BT freed from retail price controls

BT Retail's price controls are being abolished after 22 years, as Ofcom believes rival providers, VoIP and mobile phones have all contributed to a less monopolistic market. But will prices now go up or down?

Price controls on BT Retail are being lifted, 22 years after the telecoms giant was privatised.

This regulation, which restricted what BT could charge for calls and line rental, was intended to make it easier for new entrants to gain a foothold in the UK's telephony market, a task that the regulator now says is complete.

According to Ofcom on Wednesday: "The removal of retail price controls is enabled by, and reflects, the rapid growth of competition and continued reductions in the cost of phone services for customers".

Ofcom said that evidence BT was no longer a monopoly could be found in the "more than 10.7 million households and small businesses now [using] providers other than BT Group plc for their phone calls", and claimed that the UK now had "some of the cheapest phone costs in the world".

Ofcom also noted the competitive impact of technologies such as Internet telephony (VoIP), which it said was already used "actively" by more than half a million UK households and small businesses, and mobile phones, which now account for 31 percent of all voice minutes used in the UK (up from 5 percent 10 years ago).

BT Retail was quick to welcome the decision, with chief executive Ian Livingston promising that "a freer BT will deliver even better value and innovation for our residential customers".

"We will now look at how we can simplify our pricing structures and make them more user-friendly," Livingston added, although it remains to be seen what this entails.

A spokesperson for BT Retail told ZDNet UK that its prices could go up or down as a result of the deregulation.
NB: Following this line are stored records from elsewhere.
Lemma lower_sum_le_partial (k' M : nat) (s : step_fun) :
  step_valid (S (S k')) s -> below_integrand (S (S k')) s ->
  step_int (S (S k')) s <= INR (fact (S k')) * harm_pow (S (S k')) (S M)
    + (12 * INR (S k') + INR (S (S k')) * coef_sum s) * disc_error (S M) (S (S k')).
Proof.
  intros Hval Hbel. set (k := S k'). set (m := S k). set (C := coef_sum s).
  set (E := disc_error (S M) m).
  assert (HC : 0 <= C) by (apply coef_sum_nonneg; intros [c B] Hq; apply (Hval c B Hq)).
  assert (HE : / INR (S M) <= E) by (apply disc_error_ge; lia).
  assert (Hk : 0 <= INR k) by apply pos_INR.
  assert (Hm : 0 <= INR m) by apply pos_INR.
  assert (Hok : boxes_ok m s) by (intros [c B] Hq i Hi; apply (Hval c B Hq); auto).
  assert (Hdom : step_int m s <= step_int m (upper_step m (S (S M)) (S M) C)).
  { apply step_int_mono; auto.
    - apply upper_step_boxes_ok; lia.
    - intros x. apply upper_step_dominates; auto; lia. }
  unfold m in Hdom. rewrite upper_step_int with (K := S M) in Hdom by reflexivity.
  assert (Htail := shifted_tail_sum_upper M k'). cbv zeta in Htail. unfold tail_pow in Htail. fold k m in Htail.
  assert (Herr := log_pow_weight_harm_sum_bound M k). fold m E in Herr.
  assert (Hlayers : C / INR (S (S M)) <= C * E).
  { assert (HNp : 0 < INR (S M)) by apply INR_S_pos.
    assert (HNN : INR (S M) < INR (S (S M))) by (apply lt_INR; lia).
    unfold Rdiv. apply Rmult_le_compat_l; auto.
    apply Rle_trans with (/ INR (S M)); auto. apply Rinv_le_contravar; lra. }
  assert (Hmain : 6 * INR k * log_pow (S M) k * weight_harm_sum (S M) <= 12 * INR k * E)
    by (rewrite Rmult_assoc; nra).
  assert (INR m * (C / INR (S (S M))) <= INR m * (C * E)) by (apply Rmult_le_compat_l; auto).
  fold k m in Hdom. lra.
Qed.

(* Every lower sum is at most [(m-1)! zeta(m)]: let the mesh tend to 0 in the
   previous estimate. *)
Lemma lower_sum_le (k' : nat) (z : R) (s : step_fun) :
  (forall N, harm_pow (S (S k')) N <= z) ->
  step_valid (S (S k')) s -> below_integrand (S (S k')) s ->
  step_int (S (S k')) s <= INR (fact (S k')) * z.
Proof.
  intros Hle Hval Hbel. apply Rle_plus_epsilon. intros eps Heps.
  set (D := 12 * INR (S k') + INR (S (S k')) * coef_sum s + 1).
  assert (HD : 0 < D).
  { assert (0 <= coef_sum s) by (apply coef_sum_nonneg; intros [c B] Hq; apply (Hval c B Hq)).
    assert (0 <= INR (S (S k')) * coef_sum s) by (apply Rmult_le_pos; [apply pos_INR | auto]).
    unfold D. generalize (pos_INR (S k')). lra. }
  destruct (error_term_small (S (S k')) (eps / D) 0) as [[|M] [_ [HM HE]]];
    [apply Rdiv_lt_0_compat; lra | lia |].
  assert (Hpartial := lower_sum_le_partial k' M s Hval Hbel).
  assert (HF : 0 <= INR (fact (S k'))) by apply pos_INR.
  assert (Hz := Hle (S M)).
  assert (HE0 : 0 <= disc_error (S M) (S (S k'))) by (apply Rle_trans with (/ INR (S M));
    [left; apply Rinv_0_lt_compat, INR_S_pos | apply disc_error_ge; lia]).
  assert (HDE : D * disc_error (S M) (S (S k')) < eps).
  { apply Rmult_lt_reg_r with (/ D); [apply Rinv_0_lt_compat; lra |].
    replace (D * disc_error (S M) (S (S k')) * / D) with (disc_error (S M) (S (S k'))) by (field; lra).
    exact HE. }
  assert (INR (fact (S k')) * harm_pow (S (S k')) (S M) <= INR (fact (S k')) * z)
    by (apply Rmult_le_compat_l; auto).
  unfold D in HDE. nra.
Qed.

Definition shifted_lower_sum (N k : nat) : R := sumN N (fun r => weight N r * tail_pow N k (S r)).

Lemma shifted_lower_sum_nonneg (N k : nat) : 0 <= shifted_lower_sum N k.
Proof.
  apply sumN_nonneg. intros r Hr. apply Rmult_le_pos; [left; apply weight_pos; auto |].
  apply tail_pow_nonneg; lia.
Qed.

Lemma shifted_lower_sum_bounds (M k : nat) :
  INR (fact k) * harm_pow (S k) (S M)
    - 2 * (INR (fact k) * INR (k * k) + INR k) * disc_error (S M) (S k) <= shifted_lower_sum (S M) k
  /\ shifted_lower_sum (S M) k <= INR (fact k) * harm_pow (S k) (S M).
Proof.
  unfold shifted_lower_sum. split.
  - assert (Hlow := shifted_tail_sum_lower M k). cbv zeta in Hlow.
    assert (Herr := log_pow_weight_harm_sum_bound M k).
    assert (0 <= INR (fact k) * INR (k * k) + INR k)
      by (generalize (pos_INR (fact k)) (pos_INR (k * k)) (pos_INR k); nra).
    rewrite Rmult_assoc in Hlow. nra.
  - apply Rle_trans with (sumN (S M) (fun r => weight (S M) r * tail_pow (S M) k r)).
    + apply sumN_le. intros r Hr. apply Rmult_le_compat_l; [left; apply weight_pos; auto |].
      unfold tail_pow. apply pow_incr.
      assert (harm r <= harm (S r) <= harm (S M)) by (split; apply harm_mono; lia). lra.
    + rewrite <- sum_avg_iter_weight. apply tail_sum_le.
      intros r Hr. left; apply weight_pos; auto.
Qed.

Lemma shifted_lower_sum_close (k : nat) (z eps : R) :
  (forall N, harm_pow (S k) N <= z) ->
  (forall e, 0 < e -> exists N0, forall N, (N0 <= N)%nat -> z - e < harm_pow (S k) N) ->
  0 < eps -> exists M, INR (fact k) * z - eps <= shifted_lower_sum (S M) k <= INR (fact k) * z.
Proof.
  intros Hle Hlim Heps. set (F := INR (fact k)).
  assert (HF : 1 <= F) by (apply (le_INR 1), lt_O_fact).
  destruct (Hlim (eps / (2 * F))) as [N0 HN0]; [apply Rdiv_lt_0_compat; lra |].
  set (D := 2 * (F * INR (k * k) + INR k) + 1).
  assert (HD : 0 < D).
  { assert (0 <= F * INR (k * k)) by (apply Rmult_le_pos; [lra | apply pos_INR]).
    unfold D. generalize (pos_INR k). lra. }
  destruct (error_term_small (S k) (eps / (2 * D)) N0) as [[|M] [HN0N [HN2 HE]]];
    [apply Rdiv_lt_0_compat; lra | lia |].
  exists M. destruct (shifted_lower_sum_bounds M k) as [Hlo Hhi]. fold F in Hlo, Hhi.
  assert (Hz := HN0 (S M) HN0N). assert (Hz' := Hle (S M)).
  assert (HE0 : 0 <= disc_error (S M) (S k)) by (apply Rle_trans with (/ INR (S M));
    [left; apply Rinv_0_lt_compat, INR_S_pos | apply disc_error_ge; lia]).
  assert (Hharm : F * z - eps / 2 <= F * harm_pow (S k) (S M)).
  { replace (F * z - eps / 2) with (F * (z - eps / (2 * F))) by (field; lra).
    apply Rmult_le_compat_l; lra. }
  assert (Herr : 2 * (F * INR (k * k) + INR k) * disc_error (S M) (S k) <= eps / 2).
  { apply Rle_trans with (D * disc_error (S M) (S k)); [unfold D; nra |].
    replace (eps / 2) with (D * (eps / (2 * D))) by (field; lra). apply Rmult_le_compat_l; lra. }
  assert (F * harm_pow (S k) (S M) <= F * z) by (apply Rmult_le_compat_l; lra).
  lra.
Qed.

Lemma lower_step_int_ge (k N : nat) (eta : R) :
  0 <= INR N * eta <= 1 ->
  (1 - INR (S k) * (INR N * eta)) * shifted_lower_sum N k <= step_int (S k) (lower_step (S k) N eta).
Proof.
  intros Heta. rewrite lower_step_int. fold (shifted_lower_sum N k).
  apply Rmult_le_compat_r; [apply shifted_lower_sum_nonneg | apply bernoulli; auto].
Qed.

Lemma shrink_exists (a NN L e : R) :
  0 < a -> 0 < NN -> 0 <= L -> 0 < e -> exists eta, 0 < eta < / NN /\ a * (NN * eta) * L <= e.
Proof.
  intros Ha HN HL He. set (eta := Rmin (/ (2 * NN)) (e / (a * NN * (L + 1)))).
  assert (Heta : 0 < eta).
  { apply Rmin_glb_lt; [apply Rinv_0_lt_compat; lra |].
    apply Rdiv_lt_0_compat; [lra |]. repeat apply Rmult_lt_0_compat; lra. }
  exists eta. split; [split; auto |].
  - apply Rle_lt_trans with (/ (2 * NN)); [apply Rmin_l | apply Rinv_lt_contravar; nra].
  - assert (eta <= e / (a * NN * (L + 1))) by apply Rmin_r.
    apply Rle_trans with (a * NN * (e / (a * NN * (L + 1))) * (L + 1)); [| right; field; lra].
    rewrite <- Rmult_assoc. apply Rmult_le_compat; try lra.
    + apply Rmult_le_pos; [apply Rmult_le_pos |]; lra.
    + apply Rmult_le_compat_l; [apply Rmult_le_pos |]; lra.
Qed.

(* Every number below [(m-1)! zeta(m)] is exceeded by a lower sum: take the
   lower step function at a fine mesh [1/N] and a small shrinking [eta]. *)
Lemma lower_sums_approx (k' : nat) (z b : R) :
  (forall N, harm_pow (S (S k')) N <= z) ->
  (forall eps, 0 < eps -> exists N0, forall N, (N0 <= N)%nat -> z - eps < harm_pow (S (S k')) N) ->
  b < INR (fact (S k')) * z -> exists v, lower_sums (S (S k')) v /\ b < v.
Proof.
  intros Hle Hlim Hb. set (k := S k'). set (m := S k). set (V := INR (fact k) * z).
  fold k m V in Hle, Hlim, Hb.
  set (eps := V - b). assert (Heps : 0 < eps) by (unfold eps; lra).
  destruct (shifted_lower_sum_close k z (eps / 2) Hle Hlim) as [M HL]; [lra |]. fold V in HL.
  set (L := shifted_lower_sum (S M) k) in *.
  assert (HL0 : 0 <= L) by apply shifted_lower_sum_nonneg.
  set (NN := INR (S M)). assert (HNN : 0 < NN) by apply INR_S_pos.
  destruct (shrink_exists (INR m) NN L (eps / 4)) as [eta [[Heta1 Heta2] Hloss]];
    [apply INR_S_pos | auto | auto | lra |].
  assert (HNeta : 0 <= NN * eta <= 1).
  { split; [nra |]. assert (Hlt1 : NN * eta < NN * / NN) by (apply Rmult_lt_compat_l; lra).
    rewrite Rinv_r in Hlt1 by lra. lra. }
  exists (step_int m (lower_step m (S M) eta)). split.
  - exists (lower_step m (S M) eta). split; [| split; [| reflexivity]].
    + apply lower_step_valid; [lia | split; auto].
    + apply lower_step_below; [lia | split; auto].
  - assert (Hint := lower_step_int_ge k (S M) eta HNeta). fold m NN L in Hint.
    unfold eps in *. nra.
Qed.

Theorem corollary6 (m : nat) (hm : (2 <= m)%nat) :
  exists z : R, infinite_sum (zeta_term m) z /\
    is_lub (lower_sums m) (INR (fact (m - 1)) * z).
Proof.
  destruct m as [|[|k']]; try lia. replace (S (S k') - 1)%nat with (S k') by lia.
  destruct (zeta_conv k') as [z [Hz [Hle Hlim]]].
  exists z. split; [exact Hz | split].
  - intros v [s [Hval [Hbel ->]]]. exact (lower_sum_le k' z s Hle Hval Hbel).
  - intros b Hb. apply Rnot_lt_le. intros Hlt.
    destruct (lower_sums_approx k' z b Hle Hlim Hlt) as [v [Hv Hbv]].
    specialize (Hb v Hv). lra.
Qed.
He also suggested that BT's Together packages could be under review.

"What's changing is that BT can now act as any other sensible company and can offer packages which we think our customers are going to like," the BT Retail spokesman said on Wednesday.

Explaining that BT Retail has had to refer all its price changes to Ofcom for approval, the spokesperson recalled "the bizarre situation when we had to tell our competitors in advance what we were about to do, thereby negating the advantages of us implementing changes".

One analyst agreed that deregulation would give BT Retail "more room to manoeuvre both up and down".

"You would hope that commercial pressures would stop any rises kicking in that would not be justified, but you might see some increases in some areas with decreases in others," Tony Lock, European research director for the Sageza Group, told ZDNet UK on Wednesday.

"I suspect that even BT doesn't know where it's going to go. It's a learning process for them, and will also be a learning process for the customers. Customers need to get smarter so that they take appropriate action if they don't like what they are offered," Lock added.

BT Retail will be formally released from its price controls on 1 August.